Doveva essere il giorno più bello della mia vita. O meglio, uno dei giorni più belli della mia vita.
Infatti lo era.
Ero andata a vedere i Tokio Hotel dal vivo. Finalmente. Dopo una decade di attesa.
Un’esperienza bellissima, che avrei tanto voluto ripetere all’infinito.
E Bill… oh, Dio… l’emblema della bellezza maschile. E poi non capivo perché alcuni sentissero nostalgia del loro vecchio stile: Bill, dieci anni prima, era TROPPO femminile, effettivamente.
Non mi erano mai piaciuti gli uomini con la barba, ma a Bill, precisamente, a entrambi i Kaulitz, non stava male. Dava loro un aspetto più adulto e maschile. Adulto… per modo di dire. Avevano ancora lo stesso volto da ragazzini. Il tempo sembrava non essere mai scorso per tutti i membri dei Tokio Hotel.
Ero uscita dal Fabrique, con il sorriso sulle labbra, insieme a due ragazze trentine che avevo conosciuto quel giorno, Lorenza e Giada; alloggiavano nello stesso hotel dove alloggiavo io, proprio nella stanza accanto alla mia, ecco come ci eravamo conosciute.
Il mio cellulare squillò.
Pensai fosse mia madre o mio padre, per sapere come stavo.
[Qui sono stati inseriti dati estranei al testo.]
(* Let $n \ge 1$, let $f \in \mathbb{C}^n$ be a unit vector ($\|f\|_2 = 1$), and let $H, H' \in \mathbb{C}^{n\times n}$ be Hermitian matrices. Then \[ W_1\big(\mu_f^{H}, \mu_f^{H'}\big) \le n\,\|H - H'\|_2 . \]
   Context: For a Hermitian matrix $H \in \mathbb{C}^{n\times n}$, let $\mathrm{spec}(H)$ be its set of distinct eigenvalues and, for $\lambda \in \mathrm{spec}(H)$, let $P_\lambda$ be the orthogonal projection onto the $\lambda$-eigenspace. For a unit vector $f\in\mathbb{C}^n$, the power spectrum of $f$ with respect to $H$ is the discrete probability measure on $\mathbb{R}$ \[ \mu_f^H = \sum_{\lambda \in \mathrm{spec}(H)} \langle f, P_\lambda f\rangle\, \delta_\lambda \] (equivalently $\sum_{i=1}^n |\langle \phi_i, f\rangle|^2 \delta_{\lambda_i}$ for any orthonormal eigenbasis $\phi_i$ with eigenvalues $\lambda_i$). $W_1$ denotes the 1-Wasserstein distance between probability measures on $\mathbb{R}$ (with cost $|s-t|$), and $\|\cdot\|_2$ is the operator (spectral) norm. *)

From HB Require Import structures.
From mathcomp Require Import all_boot all_order all_algebra.
From mathcomp Require Import all_classical all_reals all_analysis.
From mathcomp.real_closed Require Import complex.

Set Implicit Arguments.
Unset Strict Implicit.
Unset Printing Implicit Defensive.

Import Order.TTheory GRing.Theory Num.Theory.
Local Open Scope ring_scope.
Local Open Scope classical_set_scope.

Section Defs.
Variable R : realType.
Local Notation C := R[i].

Definition cmod2 (z : C) : R := complex.Re z ^+ 2 + complex.Im z ^+ 2.

Definition vnorm {n : nat} (v : 'cV[C]_n) : R :=
  Num.sqrt (\sum_(k < n) cmod2 (v k 0)).

Definition cdot {n : nat} (u v : 'cV[C]_n) : C :=
  \sum_(k < n) (u k 0)^* * v k 0.

Definition opnorm {n : nat} (A : 'M[C]_n) : R :=
  sup [set vnorm (A *m v) | v in [set v : 'cV[C]_n | vnorm v = 1]].

Definition orthonormal_eigenbasis {n : nat} (H : 'M[C]_n)
    (phi : 'I_n -> 'cV[C]_n) (lam : 'I_n -> R) : Prop :=
  (forall i j : 'I_n, cdot (phi i) (phi j) = (i == j)%:R) /\
  (forall i : 'I_n, H *m phi i = Complex (lam i) 0 *: phi i).

Definition power_spectrum {n : nat} (f : 'cV[C]_n)
    (phi : 'I_n -> 'cV[C]_n) (lam : 'I_n -> R) : set R -> \bar R :=
  fun A => (\sum_(i < n) (cmod2 (cdot (phi i) f))%:E * \d_(lam i) A)%E.

Definition coupling (mu nu : set R -> \bar R) (P : probability (R * R)%type R)
    : Prop :=
  forall A : set R, measurable A ->
    P (fst @^-1` A) = mu A /\ P (snd @^-1` A) = nu A.

Definition W1 (mu nu : set R -> \bar R) : \bar R :=
  ereal_inf [set (\int[P]_z (`|z.1 - z.2|)%:E)%E
            | P in [set P : probability (R * R)%type R | coupling mu nu P]].

End Defs.

(* Write a_i = <phi_i, f> and b_j = <phi'_j, f>.  By Parseval,
   s_ij = Re (conj a_i <phi_i, phi'_j> b_j) is a signed coupling of the two
   power spectra: its row sums are |a_i|^2 and its column sums |b_j|^2.
   As (lam_i - lam'_j) <phi_i, phi'_j> = <phi_i, (H - H') phi'_j> has modulus
   at most ||H - H'||, we get |s_ij| |lam_i - lam'_j| <= ||H - H'|| (|a_i|^2 +
   |b_j|^2) / 2, and these bounds add up to n ||H - H'||.
   It remains to bound W1 by the cost sum_ij |s_ij| |x_i - y_j| of a signed
   coupling.  A negative entry s_ij is removed by adding m (e_i - a)(e_j - b)^T,
   where m = - s_ij and a, b are the normalised positive parts of column j and
   row i: the marginals are unchanged, no new negative entry appears, and the
   cost does not increase since |x_l - y_k| <= |x_l - y_j| + |x_i - y_j| +
   |x_i - y_k|. *)

From HB Require Import structures.
From mathcomp Require Import all_boot all_order all_algebra.
From mathcomp Require Import all_classical all_reals all_analysis.
From mathcomp.real_closed Require Import complex.
From mathcomp Require Import measurable_realfun ring lra.

Set Implicit Arguments.
Unset Strict Implicit.
Unset Printing Implicit Defensive.

Import Order.TTheory GRing.Theory Num.Theory.
Local Open Scope ring_scope.

Lemma sum_delta_mull (R : pzSemiRingType) (I : finType) (i : I) (F : I -> R) :
  \sum_u (u == i)%:R * F u = F i.
Proof.
rewrite (bigD1 i) //= eqxx mul1r big1 ?addr0 // => u /negbTE ->; exact: mul0r.
Qed.

Lemma sum_delta (R : pzSemiRingType) (I : finType) (i : I) :
  \sum_u (u == i)%:R = 1 :> R.
Proof. by rewrite (bigD1 i) //= eqxx big1 ?addr0 // => u /negbTE ->. Qed.

Lemma sum_funrpos_ge (R : realDomainType) (T : finType) (f : T -> R) t :
  f t <= 0 -> \sum_u f u - f t <= \sum_u f^\+ u.
Proof.
move=> ft0; rewrite (bigD1 t) //= [leRHS](bigD1 t) //= addrAC subrr add0r.
rewrite /funrpos (max_r ft0) add0r.
by apply: ler_sum => u _; rewrite le_max lexx.
Qed.

Lemma norm_shrink_pos (R : realFieldType) (x t : R) : 0 <= t <= 1 ->
  `|x - t * Num.max x 0| = `|x| - t * Num.max x 0.
Proof.
case/andP=> t0 t1; have [x0|x0] := leP 0 x; last by rewrite mulr0 !subr0.
by rewrite !ger0_norm //; nra.
Qed.

Lemma shrink_pos_ge_min (R : realFieldType) (x t : R) : 0 <= t <= 1 ->
  Num.min x 0 <= x - t * Num.max x 0.
Proof.
case/andP=> t0 t1; have [x0|x0] := leP 0 x; last by rewrite mulr0 subr0.
nra.
Qed.

Section signed_plan.
Variables (R : realFieldType) (I J : finType) (c : I -> J -> R).

Definition plan_cost (s : I -> J -> R) := \sum_a \sum_b `|s a b| * c a b.

Definition negative_entries (s : I -> J -> R) :=
  [set q : I * J | s q.1 q.2 < 0].

Hypothesis c_ge0 : forall a b, 0 <= c a b.
Hypothesis c_zigzag : forall i l j k, c l k <= c l j + c i j + c i k.

Section rank_one_correction.
Variables (s : I -> J -> R) (i : I) (j : J).
Hypotheses (sij_lt0 : s i j < 0) (rows_ge0 : forall a, 0 <= \sum_b s a b)
  (cols_ge0 : forall b, 0 <= \sum_a s a b).

Let m := - s i j.
Let P := \sum_v (s i)^\+ v.
Let Q := \sum_u (s^~ j)^\+ u.
Let a u := (s^~ j)^\+ u / Q.
Let b v := (s i)^\+ v / P.
Let s' u v := s u v + m * ((u == i)%:R - a u) * ((v == j)%:R - b v).

Let m_gt0 : 0 < m. Proof. by rewrite oppr_gt0. Qed.

Let m_le_P : m <= P.
Proof.
have := sum_funrpos_ge (ltW sij_lt0); have := rows_ge0 i; rewrite /m /P; lra.
Qed.

Let m_le_Q : m <= Q.
Proof.
have := sum_funrpos_ge (f := s^~ j) (ltW sij_lt0); have := cols_ge0 j.
rewrite /m /Q /=; lra.
Qed.

Let P_gt0 : 0 < P. Proof. exact: lt_le_trans m_gt0 m_le_P. Qed.
Let Q_gt0 : 0 < Q. Proof. exact: lt_le_trans m_gt0 m_le_Q. Qed.

Let a_ge0 u : 0 <= a u. Proof. by rewrite divr_ge0 ?funrpos_ge0 ?ltW. Qed.
Let b_ge0 v : 0 <= b v. Proof. by rewrite divr_ge0 ?funrpos_ge0 ?ltW. Qed.

Let a_i : a i = 0.
Proof. by rewrite /a /funrpos (max_r (ltW sij_lt0)) mul0r. Qed.

Let b_j : b j = 0.
Proof. by rewrite /b /funrpos (max_r (ltW sij_lt0)) mul0r. Qed.

Let sum_a : \sum_u a u = 1. Proof. by rewrite -mulr_suml divff ?gt_eqF. Qed.
Let sum_b : \sum_v b v = 1. Proof. by rewrite -mulr_suml divff ?gt_eqF. Qed.

Let rows_s' u : \sum_v s' u v = \sum_v s u v.
Proof.
by rewrite big_split /= -mulr_sumr sumrB sum_delta sum_b subrr mulr0 addr0.
Qed.

Let cols_s' v : \sum_u s' u v = \sum_u s u v.
Proof.
by rewrite big_split /= -mulr_suml -mulr_sumr sumrB sum_delta sum_a subrr
  mulr0 mul0r addr0.
Qed.

Let m_div_P : 0 <= m / P <= 1.
Proof.
by rewrite divr_ge0 ?(ltW m_gt0) ?(ltW P_gt0) // ler_pdivrMr // mul1r.
Qed.

Let m_div_Q : 0 <= m / Q <= 1.
Proof.
by rewrite divr_ge0 ?(ltW m_gt0) ?(ltW Q_gt0) // ler_pdivrMr // mul1r.
Qed.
Quando vidi il nome, mi stupii: Filippo.
Era un mio amico, o meglio, il figlio del mio professore di storia medievale, all’università. Avevamo scoperto di avere molte passioni in comune, soprattutto quella per i videogiochi, e diventammo amici.
Confusa, accettai la chiamata.
-Pronto?-
-Ciao, Dani…-
Daniela. Così mi chiamo. Un nome stupido, vero?
La sua voce era triste.
Mi preoccupai anch’io.
-Cos’è successo?-
Quanto mi raccontò in seguito, fece scivolare il mio telefono dalle mie mani, che cadde per terra, procurandosi l’ennesima crepa sul vetro. Poi caddi io, perdendo i sensi, facendo spaventare Lorenza e Giada, che chiamarono subito l’ambulanza.
Avevo letto da qualche parte che il dolore era più forte se preceduto da un forte momento di felicità.
Sì, lo era.
Gabriele, il ragazzo di cui mi ero innamorata, era morto.
Un incidente in moto, mi aveva detto Filippo. Una macchina non gli aveva dato la precedenza e lo aveva investito, provocandogli la frattura delle ossa, soprattutto della colonna vertebrale, e diverse lesioni interne.
Non c’era stato niente da fare. Il colpo fu fatale.
Il funerale venne celebrato due giorni dopo.
C’era molta gente: parenti, amici, compagni di scuola…
Tra loro scorsi Elena, la ragazza a cui Gabriele faceva la corte dalla seconda o dalla terza media, una ragazza di origini russe, capelli neri, occhi glaciali, la perfezione in persona, insomma; ma lei non aveva mai ricambiato il suo amore. La odiai dal primo momento in cui lui me ne aveva parlato.
Infatti, non facevo altro che guardarla, piena di odio. Non c’era momento in cui non bramassi di darle fuoco ai capelli.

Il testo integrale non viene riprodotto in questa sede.